Hypatima procax

Scientific classification
- Domain: Eukaryota
- Kingdom: Animalia
- Phylum: Arthropoda
- Class: Insecta
- Order: Lepidoptera
- Family: Gelechiidae
- Genus: Hypatima
- Species: H. procax
- Binomial name: Hypatima procax (Meyrick, 1911)
- Synonyms: Allocota procax Meyrick, 1911;

= Hypatima procax =

- Authority: (Meyrick, 1911)
- Synonyms: Allocota procax Meyrick, 1911

Species of moth

Hypatima procax is a moth in the family Gelechiidae. It was described by Edward Meyrick in 1911. It is found on the Seychelles, where it has been recorded from Aldabra, Mahé and Silhouette.

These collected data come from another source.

Lemma kkt_lagrangian_min y :
  (Gfun f r xs <= Gfun f r y + (dotv lEs (AE *m y - bE) + dotv lIs (AI *m y - bI))%:E)%E.
Proof.
have lagr : dotv (- (AE^T *m lEs + AI^T *m lIs)) (y - xs)
    = - (dotv lEs (AE *m y - bE) + dotv lIs (AI *m y - bI)).
  rewrite dotvNl dotvDl !dotv_trmx !mulmxBr kkt_eq.
  by rewrite -(subrKA bI) dotvDr -(opprB (AI *m xs)) dotvBr kkt_compl subr0.
by case: kkt_stat => _ /(_ y); rewrite lagr EFinN leeBlDr.
Qed.

Definition kkt_dist2 c x (lE : 'cV[R]_mE) (lI : 'cV[R]_mI) :=
  c * sqn (x - xs) + sqn (col_mx (lE - lEs) (lI - lIs)).

Lemma kkt_dist2_subgrad_step beta rho lE lI xk y g : 0 < beta -> 0 <= rho ->
  subdiff (Psi f r AE bE AI bI beta lE lI rho xk) y g ->
  2 * beta * dotv g (xs - y)
  + kkt_dist2 (beta * rho) y (lE + beta *: (AE *m y - bE))
      (pospart (lI + beta *: (AI *m y - bI)))
  <= kkt_dist2 (beta * rho) xk lE lI.
Proof.
move=> beta_gt0 rho_ge0; rewrite PsiE => sub.
have rxs : r xs \is a fin_num by case: kkt_stat; rewrite fin_numD => /andP[].
have ry : r y \is a fin_num by case: sub; rewrite fin_numD => /andP[].
have := subdiff_strongly_convex r_cvx (Psi_smooth_convex lE lI rho xk beta_gt0) rxs sub.
have := kkt_lagrangian_min y; rewrite /Gfun.
rewrite -(fineK ry) -(fineK rxs) -!EFinD !lee_fin => lagr descent.
have smooth_xs : Psi_smooth beta lE lI rho xk xs <= f xs + rho / 2 * sqn (xs - xk).
  rewrite /Psi_smooth kkt_eq subrr penaltyE0 addr0 lerD2r gerDl.
  by apply: (penaltyI_le0 beta_gt0) => i; move: (kkt_ineq i); rewrite -subr_le0 !mxE.
have smooth_y : f y + penaltyE beta lE (AE *m y - bE) + penaltyI beta lI (AI *m y - bI)
    <= Psi_smooth beta lE lI rho xk y.
  by rewrite lerDl mulr_ge0 ?sqn_ge0 ?divr_ge0.
have := penaltyE_update beta lE lEs (AE *m y - bE).
have := penaltyI_update beta_gt0 lI (AI *m y - bI) kkt_lIs_ge0.
rewrite /kkt_dist2 !sqn_col_mx (sqnB y) (sqnB xk) => updI updE.
have : dotv g (xs - y) + rho / 2 * sqn (xs - y)
    + (penaltyE beta lE (AE *m y - bE) - dotv lEs (AE *m y - bE))
    + (penaltyI beta lI (AI *m y - bI) - dotv lIs (AI *m y - bI))
    <= rho / 2 * sqn (xs - xk) by lra.
have beta2_ge0 : 0 <= 2 * beta by rewrite mulr_ge0 // ltW.
move=> /(ler_wpM2l beta2_ge0); lra.
Qed.

Lemma kkt_dist2_ge0 c x lE lI : 0 <= c -> 0 <= kkt_dist2 c x lE lI.
Proof. by move=> c_ge0; rewrite addr_ge0 ?mulr_ge0 ?sqn_ge0. Qed.

Lemma kkt_dist2_ge_primal c x lE lI : 0 <= c ->
  Num.sqrt c * enorm (x - xs) <= Num.sqrt (kkt_dist2 c x lE lI).
Proof.
by move=> c_ge0; rewrite -sqrtrM // ler_sqrt ?kkt_dist2_ge0 // lerDl sqn_ge0.
Qed.

Lemma kkt_dist2_ge_dual c x lE lI : 0 <= c ->
  enorm (col_mx (lE - lEs) (lI - lIs)) <= Num.sqrt (kkt_dist2 c x lE lI).
Proof.
by move=> c_ge0; rewrite ler_sqrt ?kkt_dist2_ge0 // lerDr mulr_ge0 ?sqn_ge0.
Qed.

Lemma kkt_dist2_inexact_step beta rho lE lI xk y e : 0 < beta -> 0 < rho ->
  dist0_le (subdiff (Psi f r AE bE AI bI beta lE lI rho xk) y) e ->
  Num.sqrt (kkt_dist2 (beta * rho) y (lE + beta *: (AE *m y - bE))
              (pospart (lI + beta *: (AI *m y - bI))))
  <= Num.sqrt (kkt_dist2 (beta * rho) xk lE lI)
     + 2 * beta * e / Num.sqrt (beta * rho).
Proof.
move=> beta_gt0 rho_gt0 inexact.
have c_gt0 : 0 < beta * rho by rewrite mulr_gt0.
set s := Num.sqrt (beta * rho); have s_gt0 : 0 < s by rewrite sqrtr_gt0.
set P' := kkt_dist2 _ y _ _; set P := kkt_dist2 _ xk _ _.
have P'_ge0 : 0 <= P' by apply: kkt_dist2_ge0; exact: ltW.
have P_ge0 : 0 <= P by apply: kkt_dist2_ge0; exact: ltW.
apply/ler_addgt0Pr => eta eta_gt0.
set d := eta * s / (2 * beta).
have [|g [sub g_le]] := inexact d; first by rewrite !(mulr_gt0, divr_gt0, invr_gt0).
have step : 2 * beta * dotv g (xs - y) + P' <= P := kkt_dist2_subgrad_step beta_gt0 (ltW rho_gt0) sub.
have ed_ge0 : 0 <= e + d by apply: le_trans g_le; exact: enorm_ge0.
have near : s * enorm (y - xs) <= Num.sqrt P' by apply: kkt_dist2_ge_primal; exact: ltW.
have cs : - dotv g (xs - y) <= (e + d) * (Num.sqrt P' / s).
  rewrite -dotvNr opprB; apply: le_trans (dotv_le_enorm _ _) _.
  by rewrite ler_pM ?enorm_ge0 // ler_pdivlMr // mulrC.
have b_ge0 : 0 <= beta * (e + d) / s by rewrite divr_ge0 ?mulr_ge0 // ltW.
apply: le_trans (sqr_recursion_le (sqrtr_ge0 P) (sqrtr_ge0 P') b_ge0 _) _.
  rewrite (sqr_sqrtr P_ge0) (sqr_sqrtr P'_ge0).
  have -> : 2 * (beta * (e + d) / s) * Num.sqrt P'
      = 2 * beta * ((e + d) * (Num.sqrt P' / s)) by ring.
  have beta2_ge0 : 0 <= 2 * beta by rewrite mulr_ge0 // ltW.
  by move: cs => /(ler_wpM2l beta2_ge0); lra.
have -> : 2 * (beta * (e + d) / s) = 2 * beta * e / s + eta.
  by rewrite /d; field; rewrite !gt_eqF.
by rewrite addrA.
Qed.

Lemma kkt_dist2_argmin_step beta rho lE lI xk z w : 0 < beta -> 0 <= rho ->
  (forall v, r v != -oo)%E ->
  Psi f r AE bE AI bI beta lE lI rho xk w \is a fin_num ->
  (forall v, Psi f r AE bE AI bI beta lE lI rho xk z
             <= Psi f r AE bE AI bI beta lE lI rho xk v)%E ->
  kkt_dist2 (beta * rho) z (lE + beta *: (AE *m z - bE))
    (pospart (lI + beta *: (AI *m z - bI)))
  <= kkt_dist2 (beta * rho) xk lE lI.
Proof.
move=> beta_gt0 rho_ge0 r_notNy w_fin z_min.
have z_fin : Psi f r AE bE AI bI beta lE lI rho xk z \is a fin_num.
  move: (z_min w) w_fin; rewrite PsiE /=.
  case: (r z) (r_notNy z) => [a _ _ _ //| _ |//].
  by rewrite addye // leye_eq => /eqP ->.
have := @kkt_dist2_subgrad_step beta rho lE lI xk z 0 beta_gt0 rho_ge0.
rewrite dotvC dotv0r mulr0 add0r; apply; split => // v.
by rewrite dotvC dotv0r adde0.
Qed.

End IpalmStep.

Lemma geometric_drift (R : realFieldType) (D : nat -> R) (a sigma : R) : sigma != 1 ->
  (forall k, D k.+1 <= D k + a * sigma ^+ k) ->
  forall k, D k <= D 0%N + a * (sigma ^+ k - 1) / (sigma - 1).
Proof.
move=> sigma_neq1 drift; elim=> [|k IH]; first by rewrite expr0 subrr mulr0 mul0r addr0.
apply: le_trans (drift k) _.
have -> : D 0%N + a * (sigma ^+ k.+1 - 1) / (sigma - 1)
    = D 0%N + a * (sigma ^+ k - 1) / (sigma - 1) + a * sigma ^+ k.
  by rewrite exprS; field; rewrite subr_eq0.
by rewrite lerD2r.
Qed.

Section Schedule.
Variables (R : realType) (beta0 rho0 sigma : R).
Hypotheses (beta0_gt0 : 0 < beta0) (rho0_gt0 : 0 < rho0) (sigma_gt1 : 1 < sigma).

Lemma beta_k_gt0 k : 0 < beta_k beta0 sigma k.
Proof. by rewrite mulr_gt0 // exprn_gt0 // (lt_trans ltr01). Qed.

Lemma rho_k_gt0 k : 0 < rho_k rho0 sigma k.
Proof. by rewrite mulr_gt0 // invr_gt0 exprn_gt0 // (lt_trans ltr01). Qed.

Lemma beta_k_rho_k k : beta_k beta0 sigma k * rho_k rho0 sigma k = beta0 * rho0.
Proof. by rewrite /beta_k /rho_k; field; rewrite expf_neq0 // gt_eqF // (lt_trans ltr01). Qed.

Lemma epsbar_ge0 eps : 0 <= eps -> 0 <= epsbar eps beta0 rho0 sigma.
Proof.
move=> eps_ge0; rewrite /epsbar; have s1 : 0 <= sigma - 1 by rewrite subr_ge0 ltW.
have s2 : 0 <= 8 * (sigma + 1) by rewrite mulr_ge0 // addr_ge0 // ltW // (lt_trans ltr01).
apply: mulr_ge0; first by rewrite divr_ge0 // mulr_ge0.
by rewrite le_min ler01 sqrtr_ge0.
Qed.

Lemma epsbar_k_le eps k : epsbar_k eps beta0 rho0 sigma k <= epsbar eps beta0 rho0 sigma.
Proof. by rewrite /epsbar_k ge_min lexx. Qed.

Lemma drift_coef_le eps k :
  2 * beta_k beta0 sigma k * epsbar_k eps beta0 rho0 sigma k / Num.sqrt (beta0 * rho0)
  <= 2 * beta0 * epsbar eps beta0 rho0 sigma / Num.sqrt (beta0 * rho0) * sigma ^+ k.
Proof.
have bk2_gt0 : 0 < 2 * beta_k beta0 sigma k by rewrite mulr_gt0 // beta_k_gt0.
rewrite [X in _ <= X](_ : _ = 2 * beta_k beta0 sigma k * epsbar eps beta0 rho0 sigma
  / Num.sqrt (beta0 * rho0)); last by rewrite /beta_k; ring.
by rewrite ler_pM2r ?invr_gt0 ?sqrtr_gt0 ?mulr_gt0 // ler_pM2l // epsbar_k_le.
Qed.

Lemma drift_bound eb D0 K k : 0 <= eb -> (k <= K)%N ->
  D0 + 2 * beta0 * eb / Num.sqrt (beta0 * rho0) * (sigma ^+ k - 1) / (sigma - 1)
  <= 2 * eb * Num.sqrt beta0 * (sigma ^+ K - 1) / (Num.sqrt rho0 * (sigma - 1)) + D0.
Proof.
move=> eb_ge0 kK; rewrite addrC lerD2r.
have sb_gt0 : 0 < Num.sqrt beta0 by rewrite sqrtr_gt0.
have sr_gt0 : 0 < Num.sqrt rho0 by rewrite sqrtr_gt0.
have -> : 2 * beta0 * eb / Num.sqrt (beta0 * rho0)
    = 2 * eb * Num.sqrt beta0 / Num.sqrt rho0.
  rewrite sqrtrM ?ltW // -{1}(sqr_sqrtr (ltW beta0_gt0)).
  by field; rewrite !gt_eqF.
rewrite [X in _ <= X](_ : _ = 2 * eb * Num.sqrt beta0 / Num.sqrt rho0
    * (sigma ^+ K - 1) / (sigma - 1)); last by rewrite invfM; ring.
have sigma1_gt0 : 0 < sigma - 1 by rewrite subr_gt0.
rewrite ler_pM2r ?invr_gt0 // ler_wpM2l ?divr_ge0 ?mulr_ge0 ?sqrtr_ge0 //.
by rewrite lerD2r ler_eXn2l.
Qed.

Lemma primal_bound_eq eb D0 K :
  2 * eb * (sigma ^+ K - 1) / (rho0 * (sigma - 1)) + D0 / Num.sqrt (beta0 * rho0)
  = (2 * eb * Num.sqrt beta0 * (sigma ^+ K - 1) / (Num.sqrt rho0 * (sigma - 1)) + D0)
    / Num.sqrt (beta0 * rho0).
Proof.
have sb_gt0 : 0 < Num.sqrt beta0 by rewrite sqrtr_gt0.
have sr_gt0 : 0 < Num.sqrt rho0 by rewrite sqrtr_gt0.
rewrite sqrtrM ?ltW // -{1}(sqr_sqrtr (ltW rho0_gt0)).
by field; rewrite !gt_eqF // subr_gt0.
Qed.

End Schedule.

Unset Implicit Arguments. Set Strict Implicit. Set Printing Implicit Defensive.

Theorem lemma5p6 (R : realType) (n mE mI : nat)
  (f : 'cV[R]_n -> R) (gf : 'cV[R]_n -> 'cV[R]_n) (Lf mu : R)
  (r : 'cV[R]_n -> \bar R)
  (AE : 'M[R]_(mE, n)) (bE : 'cV[R]_mE) (AI : 'M[R]_(mI, n)) (bI : 'cV[R]_mI)
  (xs : 'cV[R]_n) (lEs : 'cV[R]_mE) (lIs : 'cV[R]_mI)
  (eps beta0 rho0 sigma : R) (K : nat)
  (x : nat -> 'cV[R]_n) (lE : nat -> 'cV[R]_mE) (lI : nat -> 'cV[R]_mI) :
  (* standing assumptions on f and r *)
  has_gradient f gf -> lipschitz_vec gf Lf -> 0 <= mu -> strongly_convex f mu ->
  econvex r -> eproper r -> eclosed r ->
  (* KKT point (xs, lEs, lIs) *)
  subdiff (Gfun f r) xs (- (AE^T *m lEs + AI^T *m lIs)) ->
  AE *m xs = bE ->
  (forall i, (AI *m xs) i 0 <= bI i 0) ->
  (forall i, 0 <= lIs i 0) ->
  dotv lIs (AI *m xs - bI) = 0 ->
  (* parameters *)
  0 < eps < 1 -> 0 < beta0 -> 0 < rho0 -> 1 < sigma -> (1 <= K)%N ->
  (* iPALM iterates *)
  (Gfun f r (x 0%N) < +oo)%E ->
  (forall k : nat,
     dist0_le
       (subdiff (Psi f r AE bE AI bI (beta_k beta0 sigma k) (lE k) (lI k)
                     (rho_k rho0 sigma k) (x k)) (x k.+1))
       (epsbar_k eps beta0 rho0 sigma k)
     /\ lE k.+1 = lE k + beta_k beta0 sigma k *: (AE *m x k.+1 - bE)
     /\ lI k.+1 = pospart (lI k + beta_k beta0 sigma k *: (AI *m x k.+1 - bI))) ->
  let D0 := Num.sqrt (beta0 * rho0 * sqn (x 0%N - xs)
                      + sqn (col_mx (lE 0%N - lEs) (lI 0%N - lIs))) in
  let eb := epsbar eps beta0 rho0 sigma in
  let Bx := 2 * eb * (sigma ^+ K - 1) / (rho0 * (sigma - 1))
            + D0 / Num.sqrt (beta0 * rho0) in
  let Bl := 2 * eb * Num.sqrt beta0 * (sigma ^+ K - 1)
              / (Num.sqrt rho0 * (sigma - 1)) + D0 in
  (forall k : nat, (k <= K)%N ->
     enorm (x k - xs) <= Bx
     /\ enorm (col_mx (lE k - lEs) (lI k - lIs)) <= Bl)
  /\
  (forall k : nat, (k < K)%N -> forall z : 'cV[R]_n,
     (forall y, (Psi f r AE bE AI bI (beta_k beta0 sigma k) (lE k) (lI k)
                     (rho_k rho0 sigma k) (x k) z
              <= Psi f r AE bE AI bI (beta_k beta0 sigma k) (lE k) (lI k)
                     (rho_k rho0 sigma k) (x k) y)%E) ->
     enorm (z - xs) <= Bx).
Proof.
move=> _ _ mu_ge0 f_cvx r_cvx [r_notNy _] _ kkt_stat kkt_eq kkt_ineq kkt_lIs kkt_compl
  /andP[eps_gt0 _] beta0_gt0 rho0_gt0 sigma_gt1 _ _ iter D0 eb Bx Bl.
pose s := Num.sqrt (beta0 * rho0).
have s_gt0 : 0 < s by rewrite sqrtr_gt0 mulr_gt0.
pose D k := Num.sqrt (kkt_dist2 xs lEs lIs (beta0 * rho0) (x k) (lE k) (lI k)).
have drift k : D k.+1 <= D k + 2 * beta0 * eb / s * sigma ^+ k.
  rewrite /D; have [inexact [-> ->]] := iter k.
  have := kkt_dist2_inexact_step mu_ge0 f_cvx r_cvx kkt_stat kkt_eq kkt_ineq kkt_lIs
    kkt_compl (beta_k_gt0 beta0_gt0 sigma_gt1 k) (rho_k_gt0 rho0_gt0 sigma_gt1 k) inexact.
  rewrite beta_k_rho_k // => /le_trans; apply; rewrite lerD2l.
  exact: drift_coef_le.
have eb_ge0 : 0 <= eb by apply: epsbar_ge0 => //; exact: ltW.
have bound k : (k <= K)%N -> D k <= Bl.
  move=> kK; apply: le_trans (geometric_drift _ drift k) _; first by rewrite gt_eqF.
  exact: drift_bound.
have primal k v : (k <= K)%N -> s * enorm (v - xs) <= D k -> enorm (v - xs) <= Bx.
  move=> kK near; rewrite /Bx primal_bound_eq // -/s ler_pdivlMr // mulrC.
  exact: le_trans near (bound k kK).
have c_ge0 : 0 <= beta0 * rho0 by rewrite mulr_ge0 ?ltW.
split=> [k kK|k kK z z_min].
  split; last by apply: le_trans (bound k kK); exact: kkt_dist2_ge_dual.
  by apply: (primal k) => //; exact: kkt_dist2_ge_primal.
have [inexact _] := iter k.
have [|g [[w_fin _] _]] := inexact 1; first exact: ltr01.
have := kkt_dist2_argmin_step mu_ge0 f_cvx r_cvx kkt_stat kkt_eq kkt_ineq kkt_lIs kkt_compl
  (beta_k_gt0 beta0_gt0 sigma_gt1 k) (ltW (rho_k_gt0 rho0_gt0 sigma_gt1 k)) r_notNy w_fin z_min.
rewrite beta_k_rho_k // => dist_le.
apply: (primal k) (ltnW kK) _; apply: le_trans (kkt_dist2_ge_primal _ _ _ _ _ _ c_ge0) _.
by rewrite /D ler_sqrt; [exact: dist_le | exact: kkt_dist2_ge0].
Qed.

The wingspan is about 11 mm. The forewings are whitish, irrorated (sprinkled) with grey with a black linear dot beneath the costa near the base and a dark fuscous costal mark at one-fifth, a black subdorsal dot at one-fourth, and some indistinct grey markings between these, as well as some undefined fuscous suffusion in the middle of disc, around which are a blackish dot above the middle at two-fifths, a moderate dark fuscous spot on the middle of the costa, and an undefined streak of blackish scales along the fold beneath the middle. There are also two or three small dark fuscous spots on the costa beyond the middle and the terminal fourth is irregularly suffused with fuscous, with some blackish scales towards the tornus. The hindwings are grey.